Lemma Dbond_hloc_Dbond2 E w v :
  app2 Dbond (app2 (hloc E w) (app2 Dbond (app2 Dbond v))) = zero2.
Proof. rewrite Dbond2_app hloc_top Dbond_app /zero2; funext_cases2; rewrite /=; ring. Qed.

Lemma Dbond2_hloc_Dbond E w v :
  app2 Dbond (app2 Dbond (app2 (hloc E w) (app2 Dbond v))) = zero2.
Proof.
rewrite Dbond2_app /zero2; funext_cases2; rewrite /= ?mulr0 //.
rewrite hloc_app !sum3 !dot_spin2_Dbond /spin2 /=; ring.
Qed.

Lemma app2_adD c t v :
  app2 (adD c t) v = scale2 c (sub2 (app2 t (app2 Dbond v)) (app2 Dbond (app2 t v))).
Proof. funext_all; rewrite /app2 /adD /mul2 /scale2 /sub2 !sum3; ring. Qed.
Lemma app2_subl t u v :
  app2 (fun a b e f => t a b e f - u a b e f) v = sub2 (app2 t v) (app2 u v).
Proof. funext_all; rewrite /app2 /sub2 !sum3; ring. Qed.
Lemma app2_opscale c t v : app2 (opscale2 c t) v = scale2 c (app2 t v).
Proof. funext_all; rewrite /app2 /opscale2 /scale2 !sum3; ring. Qed.
Lemma app2_sub t u w : app2 t (sub2 u w) = sub2 (app2 t u) (app2 t w).
Proof. funext_all; rewrite /app2 /sub2 !sum3; ring. Qed.
Lemma app2_scale t c u : app2 t (scale2 c u) = scale2 c (app2 t u).
Proof. funext_all; rewrite /app2 /scale2 !sum3; ring. Qed.
Lemma app2_zero t : app2 t zero2 = zero2.
Proof. funext_all; rewrite /app2 /zero2 !sum3; ring. Qed.

Lemma adD_hloc_low c E w i : (i < 4)%N ->
  app2 (adD c (hloc E w)) (low i) = app2 (opscale2 (c * E) Dbond) (low i).
Proof.
move=> hi; rewrite app2_opscale app2_adD Dbond_low // hloc_Dlow // hloc_low // app2_zero.
by rewrite /sub2 /scale2 /zero2; funext_all; ring.
Qed.

Lemma adD2_hloc_low c E w i : (i < 4)%N ->
  app2 (adD c (adD c (hloc E w))) (low i) = zero2.
Proof.
move=> hi; rewrite !app2_adD Dbond_low // hloc_low // Dbond_Dlow app2_zero hloc_Dlow //.
rewrite !(app2_sub, app2_scale, Dbond_Dlow, app2_zero).
by rewrite /sub2 /scale2 /zero2; funext_all; ring.
Qed.

Lemma op2_zero (t : op2) : (forall v, app2 t v = zero2) -> t = fun _ _ _ _ => 0.
Proof.
move=> H; apply: functional_extensionality => x1; apply: functional_extensionality => x2.
apply: functional_extensionality => y1; apply: functional_extensionality => y2.
have := f_equal (fun f => f x1 x2) (H (fun a b => if (a == y1) && (b == y2) then 1 else 0)).
rewrite /app2 !sum3 /zero2; case3 y1; case3 y2; rewrite /= => <-; ring.
Qed.

Lemma adD3_hloc c E w : adD c (adD c (adD c (hloc E w))) = fun _ _ _ _ => 0.
Proof.
apply: op2_zero => v; rewrite !app2_adD.
rewrite !(app2_sub, app2_scale, Dbond3, Dbond_hloc_Dbond2, Dbond2_hloc_Dbond, app2_zero).
by rewrite /sub2 /scale2 /zero2; funext_all; ring.
Qed.

Lemma op2_spin2_expansion t : (forall i, (i < 4)%N -> app2 t (low i) = zero2) ->
  t = fun a b c d => \sum_(K < 5)
        outer2 (scale2 (spin2_norm K) (app2 t (spin2 K))) (spin2 K) a b c d.
Proof.
move=> ht; rewrite {1}(two_site_resolution t); funext_all.
rewrite [X in _ + X]big1 ?addr0; last by move=> i _; rewrite ht // /zero2; ring.
by apply: eq_bigr => K _; rewrite /outer2 /scale2.
Qed.

(* The normalisation of the Clebsch-Gordan states J2 of the statement:
   J2 K = J2_scale K * spin2 K with J2_scale K real and of square spin2_norm K. *)
Definition J2_row (K : nat) : 'I_3 := match K with 0 | 1 | 2 => o0 | 3 => o1 | _ => o2 end.
Definition J2_col (K : nat) : 'I_3 := match K with 0 => o0 | 1 => o1 | _ => o2 end.
Definition J2_scale (K : nat) : C := J2 C K (J2_row K) (J2_col K).

Lemma J2_spin2 K k1 k2 : (K < 5)%N -> J2 C K k1 k2 = J2_scale K * spin2 K k1 k2.
Proof.
move=> hK; rewrite /J2_scale.
case: K hK => [|[|[|[|[|//]]]]] _; case3 k1; case3 k2; rewrite /J2 /spin2 /= ?mulr0 ?mulr1 //.
have e : ('C(2, 1) * 'C(2, 1))%:R / 'C(4, 2)%:R =
  2%:R ^+ 2 * (('C(2, 0) * 'C(2, 2))%:R / 'C(4, 2)%:R) :> C.
  by rewrite !natrM bin0 bin1 binn; ring.
rewrite e sqrtCM; [|by rewrite nnegrE exprn_ge0 ?ler0n|by rewrite nnegrE divr_ge0 ?ler0n].
by rewrite sqrCK ?ler0n // mulrC.
Qed.

Lemma J2_scale_conj K : (J2_scale K)^* = J2_scale K.
Proof.
rewrite /J2_scale /J2; case: ifP => _; last by rewrite rmorph0.
by apply: geC0_conj; rewrite sqrtC_ge0 divr_ge0 // ler0n.
Qed.

Lemma J2_scale_sq K : (K < 5)%N -> J2_scale K * (J2_scale K)^* = spin2_norm K.
Proof.
move=> hK; rewrite J2_scale_conj -expr2 /J2_scale.
case: K hK => [|[|[|[|[|//]]]]] _; rewrite /J2 /spin2_norm /= sqrtCK !natrM ?bin0 ?bin1 ?binn.
- by field.
- by field.
- by rewrite (_ : 'C(4, 2) = 6%N) //; field.
- by rewrite (_ : 'C(4, 3) = 4%N) //; field.
- by field.
Qed.

Lemma ketbra_J2 K : (K < 5)%N ->
  ketbra (J2 C K) (J2 C K) = fun a b c d => spin2_norm K * (spin2 K a b * spin2 K c d).
Proof.
move=> hK; funext_all; rewrite /ketbra !J2_spin2 // rmorphM /= -(J2_scale_sq hK).
by rewrite /spin2 conjC_nat; ring.
Qed.

Lemma outer2_spin2_proj u K : (K < 5)%N ->
  mul2 (outer2 u (spin2 K)) (ketbra (J2 C K) (J2 C K)) = outer2 u (spin2 K).
Proof.
move=> hK; rewrite ketbra_J2 //.
apply: functional_extensionality => x1; apply: functional_extensionality => x2.
apply: functional_extensionality => y1; apply: functional_extensionality => y2.
rewrite /mul2 /outer2 !sum3.
by case: K hK => [|[|[|[|[|//]]]]] _; case3 y1; case3 y2; rewrite /spin2 /spin2_norm /=; field.
Qed.

Section Chain.
Variable L : nat.
Local Notation cfg := (cfg L).
Local Notation op := (op C L).
Local Notation state := (state C L).
Implicit Types (j k : 'I_L) (x y : cfg) (v w : state).

Lemma opapp_mul (A B : op) v : opapp (opmul A B) v = opapp A (opapp B v).
Proof.
apply/ffunP => x; rewrite !ffunE.
under [RHS]eq_bigr do rewrite ffunE big_distrr.
rewrite exchange_big /=; apply: eq_bigr => y _.
rewrite ffunE big_distrl /=; apply: eq_bigr => z _.
by rewrite mulrA.
Qed.
Lemma opappBl (A B : op) v : opapp (A - B) v = opapp A v - opapp B v.
Proof.
apply/ffunP => x; rewrite !ffunE -sumrB; apply: eq_bigr => y _.
by rewrite !ffunE mulrBl.
Qed.
Lemma opappDl (A B : op) v : opapp (A + B) v = opapp A v + opapp B v.
Proof.
apply/ffunP => x; rewrite !ffunE -big_split; apply: eq_bigr => y _.
by rewrite !ffunE mulrDl.
Qed.
Lemma opapp0l v : opapp (0 : op) v = 0.
Proof. apply/ffunP => x; rewrite !ffunE big1 // => y _; by rewrite ffunE mul0r. Qed.
Lemma opapp_suml n (F : 'I_n -> op) v :
  opapp (\sum_(j < n) F j) v = \sum_(j < n) opapp (F j) v.
Proof.
elim: n F => [|n IH] F; first by rewrite !big_ord0 opapp0l.
by rewrite !big_ord_recr opappDl IH.
Qed.
Lemma opappZl c (A : op) v : opapp (opscale c A) v = stscale c (opapp A v).
Proof.
apply/ffunP => x; rewrite !ffunE big_distrr; apply: eq_bigr => y _.
by rewrite ffunE -mulrA.
Qed.
Lemma opappZr (A : op) c v : opapp A (stscale c v) = stscale c (opapp A v).
Proof.
apply/ffunP => x; rewrite !ffunE big_distrr; apply: eq_bigr => y _.
by rewrite ffunE mulrCA.
Qed.
Lemma opapp0r (A : op) : opapp A 0 = 0.
Proof. apply/ffunP => x; rewrite !ffunE big1 // => y _; by rewrite ffunE mulr0. Qed.
Lemma opapp_comm (A B : op) v :
  opapp (comm A B) v = opapp A (opapp B v) - opapp B (opapp A v).
Proof. by rewrite /comm opappBl !opapp_mul. Qed.

Lemma stscale_sum c n (F : 'I_n -> state) :
  stscale c (\sum_(j < n) F j) = \sum_(j < n) stscale c (F j).
Proof.
apply/ffunP => x; rewrite !ffunE !sum_ffunE big_distrr.
by apply: eq_bigr => j _; rewrite ffunE.
Qed.

Lemma opapp_swap (A B : op) v : opapp A (opapp B v) = opapp B (opapp A v) + opapp (comm A B) v.
Proof. by rewrite opapp_comm addrC subrK. Qed.

Lemma opmul_sumr (A : op) n (F : 'I_n -> op) :
  opmul A (\sum_(k < n) F k) = \sum_(k < n) opmul A (F k).
Proof.
apply/ffunP => p; rewrite ffunE sum_ffunE.
under eq_bigr do rewrite sum_ffunE big_distrr /=.
rewrite exchange_big; apply: eq_bigr => k _; by rewrite ffunE.
Qed.
Lemma opmul_suml (B : op) n (F : 'I_n -> op) :
  opmul (\sum_(k < n) F k) B = \sum_(k < n) opmul (F k) B.
Proof.
apply/ffunP => p; rewrite ffunE sum_ffunE.
under eq_bigr do rewrite sum_ffunE big_distrl /=.
rewrite exchange_big; apply: eq_bigr => k _; by rewrite ffunE.
Qed.
Lemma comm_suml n (F : 'I_n -> op) B :
  comm (\sum_(j < n) F j) B = \sum_(j < n) comm (F j) B.
Proof. by rewrite /comm opmul_suml opmul_sumr -sumrB. Qed.
Lemma comm_sumr_scale (A : op) n (c : 'I_n -> C) (F : 'I_n -> op) :
  comm A (\sum_(k < n) opscale (c k) (F k)) = \sum_(k < n) opscale (c k) (comm A (F k)).
Proof.
rewrite /comm opmul_suml opmul_sumr -sumrB; apply: eq_bigr => k _.
apply/ffunP => p; rewrite !ffunE mulrBr !big_distrr /=; congr (_ - _).
  by apply: eq_bigr => z _; rewrite ffunE mulrCA.
by apply: eq_bigr => z _; rewrite ffunE mulrA.
Qed.

Definition bond_fixed j x y : bool :=
  [forall i, ((i != j) && (i != nxt j)) ==> (x i == y i)].
Definition site_fixed k x y : bool := [forall i, (i != k) ==> (x i == y i)].

Lemma bond_opE j (t : op2) x y : bond_op j t (x, y) =
  if bond_fixed j x y then t (x j) (x (nxt j)) (y j) (y (nxt j)) else 0.
Proof. by rewrite ffunE. Qed.
Lemma site_opE k (s : 'I_3 -> 'I_3 -> C) x y : site_op k s (x, y) =
  if site_fixed k x y then s (x k) (y k) else 0.
Proof. by rewrite ffunE. Qed.

Lemma bond_op_ext j (t u : op2) : (forall a b c d, t a b c d = u a b c d) ->
  bond_op j t = bond_op j u.
Proof. by move=> h; apply/ffunP => -[x y]; rewrite !bond_opE h. Qed.
Lemma bond_opD j (t u : op2) :
  bond_op j t + bond_op j u = bond_op j (fun a b c d => t a b c d + u a b c d).
Proof. apply/ffunP => -[x y]; rewrite !ffunE /=; case: ifP => _ //; by rewrite addr0. Qed.
Lemma bond_opB j (t u : op2) :
  bond_op j t - bond_op j u = bond_op j (fun a b c d => t a b c d - u a b c d).
Proof. apply/ffunP => -[x y]; rewrite !ffunE /=; case: ifP => _ //; by rewrite subr0. Qed.
Lemma bond_opZ j c (t : op2) : opscale c (bond_op j t) = bond_op j (opscale2 c t).
Proof. apply/ffunP => -[x y]; rewrite !ffunE /=; case: ifP => _ //; by rewrite mulr0. Qed.
Lemma bond_op_sum j n (F : 'I_n -> op2) :
  \sum_(a < n) bond_op j (F a) = bond_op j (fun a1 a2 b1 b2 => \sum_(a < n) F a a1 a2 b1 b2).
Proof.
apply/ffunP => -[x y]; rewrite sum_ffunE !bond_opE.
under eq_bigr do rewrite bond_opE.
by case: ifP => _ //; rewrite big1.
Qed.
Lemma bond_op0 j : bond_op j (fun _ _ _ _ => 0 : C) = 0.
Proof. by apply/ffunP => -[x y]; rewrite !ffunE /=; case: ifP. Qed.

Lemma sum_supported (F : cfg -> C) z0 : (forall z, z != z0 -> F z = 0) ->
  \sum_z F z = F z0.
Proof. by move=> h; rewrite (bigD1 z0) //= big1 ?addr0. Qed.

Definition setbond j x (e f : 'I_3) : cfg :=
  [ffun i => if i == j then e else if i == nxt j then f else x i].

Lemma setbond_j j x e f : setbond j x e f j = e.
Proof. by rewrite ffunE eqxx. Qed.
Lemma setbond_nxt j x e f : nxt j != j -> setbond j x e f (nxt j) = f.
Proof. by move=> h; rewrite ffunE (negbTE h) eqxx. Qed.
Lemma bond_fixed_setbond j x e f : bond_fixed j x (setbond j x e f).
Proof.
apply/forallP => i; apply/implyP => /andP [h1 h2]; by rewrite ffunE (negbTE h1) (negbTE h2).
Qed.
Lemma setbond_fixed j x y e f : bond_fixed j x y -> bond_fixed j (setbond j x e f) y.
Proof.
move=> /forallP H; apply/forallP => i; apply/implyP => /andP [h1 h2].
by rewrite ffunE (negbTE h1) (negbTE h2); apply: (implyP (H i)); rewrite h1 h2.
Qed.
Lemma bond_fixed_trans j x y z : bond_fixed j x y -> bond_fixed j y z -> bond_fixed j x z.
Proof.
move=> /forallP H1 /forallP H2; apply/forallP => i; apply/implyP => h.
by rewrite (eqP (implyP (H1 i) h)) (implyP (H2 i) h).
Qed.
Lemma setbond_self j x z : bond_fixed j x z -> z = setbond j x (z j) (z (nxt j)).
Proof.
move=> /forallP H; apply/ffunP => i; rewrite ffunE.
case: eqP => [->|/eqP h1] //; case: eqP => [->|/eqP h2] //.
by have := implyP (H i); rewrite h1 h2 => /(_ isT) /eqP.
Qed.

Lemma sum_over_bond j x (F : cfg -> C) : nxt j != j ->
  (forall z, ~~ bond_fixed j x z -> F z = 0) ->
  \sum_z F z = \sum_(e < 3) \sum_(f < 3) F (setbond j x e f).
Proof.
move=> hj hF.
have pick e f : F (setbond j x e f) = \sum_z (if z == setbond j x e f then F z else 0).
  by rewrite -big_mkcond big_pred1_eq.
under [RHS]eq_bigr do under eq_bigr do rewrite pick.
under [RHS]eq_bigr do rewrite exchange_big.
rewrite exchange_big; apply: eq_bigr => z _.
case: (boolP (bond_fixed j x z)) => hz; last first.
  rewrite hF //; symmetry; apply: big1 => e _; apply: big1 => f _; by case: ifP.
rewrite (bigD1 (z j)) //= [X in _ + X]big1 ?addr0; last first.
  move=> e he; apply: big1 => f _; case: eqP => // hze.
  by move: he; rewrite hze setbond_j eqxx.
rewrite (bigD1 (z (nxt j))) //= [X in _ + X]big1 ?addr0; last first.
  move=> f hf; case: eqP => // hze.
  by move: hf; rewrite hze setbond_nxt // eqxx.
by rewrite -setbond_self // eqxx.
Qed.

Lemma bond_mul j (t u : op2) : nxt j != j ->
  opmul (bond_op j t) (bond_op j u) = bond_op j (mul2 t u).
Proof.
move=> hj; apply/ffunP => -[x y]; rewrite ffunE /= bond_opE.
case: (boolP (bond_fixed j x y)) => hxy; last first.
  apply: big1 => z _; rewrite !bond_opE.
  case: (boolP (bond_fixed j x z)) => h1; case: (boolP (bond_fixed j z y)) => h2;
    rewrite ?mul0r ?mulr0 //.
  by move: hxy; rewrite (bond_fixed_trans h1 h2).
rewrite (@sum_over_bond j x) //; last first.
  by move=> z hz; rewrite bond_opE (negbTE hz) mul0r.
rewrite /mul2; apply: eq_bigr => e _; apply: eq_bigr => f _.
by rewrite !bond_opE bond_fixed_setbond setbond_fixed // setbond_j setbond_nxt.
Qed.

Lemma site_fixed_left j x y : nxt j != j ->
  site_fixed j x y = bond_fixed j x y && (x (nxt j) == y (nxt j)).
Proof.
move=> hj; apply/idP/andP => [/forallP H|[/forallP H1 /eqP H2]].
  split; last by apply: (implyP (H (nxt j))).
  apply/forallP => i; apply/implyP => /andP [h1 _]; exact: (implyP (H i)).
apply/forallP => i; apply/implyP => h1.
case: (eqVneq i (nxt j)) => [->|h2]; first by rewrite H2.
by apply: (implyP (H1 i)); rewrite h1 h2.
Qed.
Lemma site_fixed_right j x y : nxt j != j ->
  site_fixed (nxt j) x y = bond_fixed j x y && (x j == y j).
Proof.
move=> hj; apply/idP/andP => [/forallP H|[/forallP H1 /eqP H2]].
  split; last by apply: (implyP (H j)); rewrite eq_sym.
  apply/forallP => i; apply/implyP => /andP [_ h2]; exact: (implyP (H i)).
apply/forallP => i; apply/implyP => h2.
case: (eqVneq i j) => [->|h1]; first by rewrite H2.
by apply: (implyP (H1 i)); rewrite h1 h2.
Qed.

## WHAT YOU NEED TO DO
The exact lines of the material above starting at the one that contains "rewrite (bigD1 (z (nxt" and ending at the one that contains "case: (boolP (bond_fixed j x y))" are what to retype; leave out everything else.

## TASK OUTPUT
rewrite (bigD1 (z (nxt j))) //= [X in _ + X]big1 ?addr0; last first.
  move=> f hf; case: eqP => // hze.
  by move: hf; rewrite hze setbond_nxt // eqxx.
by rewrite -setbond_self // eqxx.
Qed.

Lemma bond_mul j (t u : op2) : nxt j != j ->
  opmul (bond_op j t) (bond_op j u) = bond_op j (mul2 t u).
Proof.
move=> hj; apply/ffunP => -[x y]; rewrite ffunE /= bond_opE.
case: (boolP (bond_fixed j x y)) => hxy; last first.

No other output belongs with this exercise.